In cases of student discipline, the sanction imposed must be proportionate to the severity of the offense involved.  The test to be applied in reviewing a penalty is whether it is so excessive as to warrant substitution of the Commissioner’s judgment for that of the board of education (Appeal of J.C., 46 Ed Dept Rep 562, Decision No. 15,596; Appeal of C.D. and P.D., 46 id. 459, Decision No. 15,563).

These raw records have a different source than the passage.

Let rows_in_P_grow K v : rows_in_P K -> P v -> ~~ (v <= K)%MS ->
  rows_in_P (K + v)%MS /\ (\rank K < \rank (K + v)%MS)%N.
Proof.
move=> PK Pv vK; split.
  move=> u /sub_addsmxP [[a b] /= ->]; rewrite addrC.
  have /sub_rVP [c ->] : (b *m v <= v)%MS by apply: submxMl.
  by apply: P_lin => //; apply: PK; apply: submxMl.
apply: rank_ltmx; rewrite ltmxE addsmxSl; apply: contra vK.
exact: submx_trans (addsmxSr K v).
Qed.

Let rowspace_maximal K : rows_in_P K -> ~ (exists2 v, P v & ~~ (v <= K)%MS) ->
  forall v, (v <= K)%MS <-> P v.
Proof.
move=> PK no_v v; split=> [/PK // | Pv].
by apply/negPn/negP => vK; apply: no_v; exists v.
Qed.

Lemma subspace_rowspace : exists K : 'M[F]_N, forall v, (v <= K)%MS <-> P v.
Proof.
suff: forall d K, rows_in_P K -> (N - \rank K <= d)%N ->
    exists K : 'M[F]_N, forall v, (v <= K)%MS <-> P v.
  by move/(_ N 0); apply=> [v|]; rewrite ?submx0 ?leq_subr // => /eqP ->.
elim=> [|d IH] K PK rank_K.
all: case: (classic (exists2 v, P v & ~~ (v <= K)%MS)) => [[v Pv vK] | no_v];
  last by exists K; apply: rowspace_maximal.
all: have [PKv lt_K] := rows_in_P_grow PK Pv vK; have := rank_leq_col (K + v)%MS.
- by lia.
- by move=> ?; apply: (IH _ PKv); lia.
Qed.

End SubspaceRowspace.

Section RowModel.
Local Open Scope ring_scope.
Variables (F : fieldType) (V : lmodType F).

Definition row_model (I : finType) N (pt : I -> V) (x : I -> 'rV[F]_N) : Prop :=
  forall c : I -> F, (\sum_a c a *: pt a == 0) = (\sum_a c a *: x a == 0).

Lemma scaler_sum_partition (W : lmodType F) (I J : finType) (g : J -> I)
    (f : I -> W) (c : J -> F) :
  \sum_j c j *: f (g j) = \sum_a (\sum_(j | g j == a) c j) *: f a.
Proof.
rewrite (partition_big g predT) //; apply: eq_bigr => a _; rewrite scaler_suml.
by apply: eq_bigr => j /eqP ->.
Qed.

Lemma row_model_comp (I J : finType) N (pt : I -> V) (x : I -> 'rV[F]_N)
    (g : J -> I) :
  row_model pt x -> row_model (pt \o g) (x \o g).
Proof.
by move=> ptx c; rewrite (scaler_sum_partition g pt) (scaler_sum_partition g x) ptx.
Qed.

(* The relations among the points form a subspace K of F^I; the rows of
   cokermx K then satisfy exactly the same relations. *)
Lemma exists_row_model (I : finType) (pt : I -> V) :
  exists x : I -> 'rV[F]_#|I|, row_model pt x.
Proof.
pose rel (v : 'rV[F]_#|I|) := \sum_(j < #|I|) v 0 j *: pt (enum_val j) = 0.
have [K K_rel] : exists K : 'M[F]_#|I|, forall v, (v <= K)%MS <-> rel v.
  apply: subspace_rowspace => [|a u v rel_u rel_v]; rewrite /rel.
    by rewrite big1 // => j _; rewrite mxE scale0r.
  under eq_bigr do rewrite !mxE scalerDl -scalerA.
  by rewrite big_split /= -scaler_sumr rel_u rel_v scaler0 addr0.
exists (fun a => row (enum_rank a) (cokermx K)) => c.
pose cv := \row_(j < #|I|) c (enum_val j).
have -> : \sum_a c a *: pt a = \sum_(j < #|I|) cv 0 j *: pt (enum_val j).
  by rewrite (big_enum_val (A := predT)); apply: eq_bigr => j _; rewrite mxE.
have -> : \sum_a c a *: row (enum_rank a) (cokermx K) = cv *m cokermx K.
  rewrite mulmx_sum_row (big_enum_val (A := predT)).
  by apply: eq_bigr => j _; rewrite mxE enum_valK.
by rewrite -submxE; apply/eqP/idP => /K_rel.
Qed.

End RowModel.

Section RankOf.
Local Open Scope ring_scope.
Variables (F : fieldType) (I : finType) (N : nat) (x : I -> 'rV[F]_N).
Implicit Types (S T : {set I}) (s : seq I).

Definition span_of S : 'M[F]_N := (\sum_(a in S) <<x a>>)%MS.
Definition rank_of S : nat := \rank (span_of S).
Definition rows_of s : 'M[F]_(size s, N) := \matrix_i x (tnth (in_tuple s) i).

Lemma sub_span_ofP S m (Y : 'M[F]_(m, N)) :
  reflect {in S, forall a, (x a <= Y)%MS} (span_of S <= Y)%MS.
Proof.
apply: (iffP sumsmx_subP) => [sub_Y a /sub_Y | sub_Y a /sub_Y]; by rewrite genmxE.
Qed.

Lemma row_sub_span_of S a : a \in S -> (x a <= span_of S)%MS.
Proof. by move=> aS; apply: (sumsmx_sup a) => //; rewrite genmxE. Qed.

Lemma span_ofS S T : S \subset T -> (span_of S <= span_of T)%MS.
Proof. by move=> /subsetP ST; apply/sub_span_ofP => a /ST; apply: row_sub_span_of. Qed.

Lemma rank_ofS S T : S \subset T -> (rank_of S <= rank_of T)%N.
Proof. by move=> ST; apply/mxrankS/span_ofS. Qed.

Lemma rank_of_submod S T :
  (rank_of (S :|: T) + rank_of (S :&: T) <= rank_of S + rank_of T)%N.
Proof.
rewrite /rank_of -(mxrank_sum_cap (span_of S)); apply: leq_add; apply: mxrankS.
  apply/sub_span_ofP => a /setUP [aS | aT].
    by apply: submx_trans (addsmxSl _ _); apply: row_sub_span_of.
  by apply: submx_trans (addsmxSr _ _); apply: row_sub_span_of.
by rewrite sub_capmx !span_ofS ?subsetIl ?subsetIr.
Qed.

Lemma rank_of_card S : (rank_of S <= #|S|)%N.
Proof.
rewrite /rank_of /span_of -sum1_card.
elim/big_ind2: _ => [|A k B l le_A le_B|a _]; first by rewrite mxrank0.
  exact: leq_trans (mxrank_adds_leqif A B) (leq_add le_A le_B).
by rewrite genmxE rank_leq_row.
Qed.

In Appeal of L.O. and D.O., 47 Ed Dept Rep 194, Decision No. 15,666, a penalty of suspension from April until the end of the school year was upheld for a similar infraction.  Based on the record before me, I find no basis for determining that respondent acted arbitrarily, unfairly or excessively in imposing a penalty of suspension from school for the remainder of the school year while allowing petitioner’s son to participate in graduation exercises (Appeal of L.O. and D.O., 47 Ed Dept Rep 194, Decision No. 15,666, Appeal of J.C., 46 id. 562, Decision No. 15,596). 


IT IS ORDERED that the initial five day suspension of petitioner’s son from May 13, 2008 through May 19, 2008 be expunged from his record.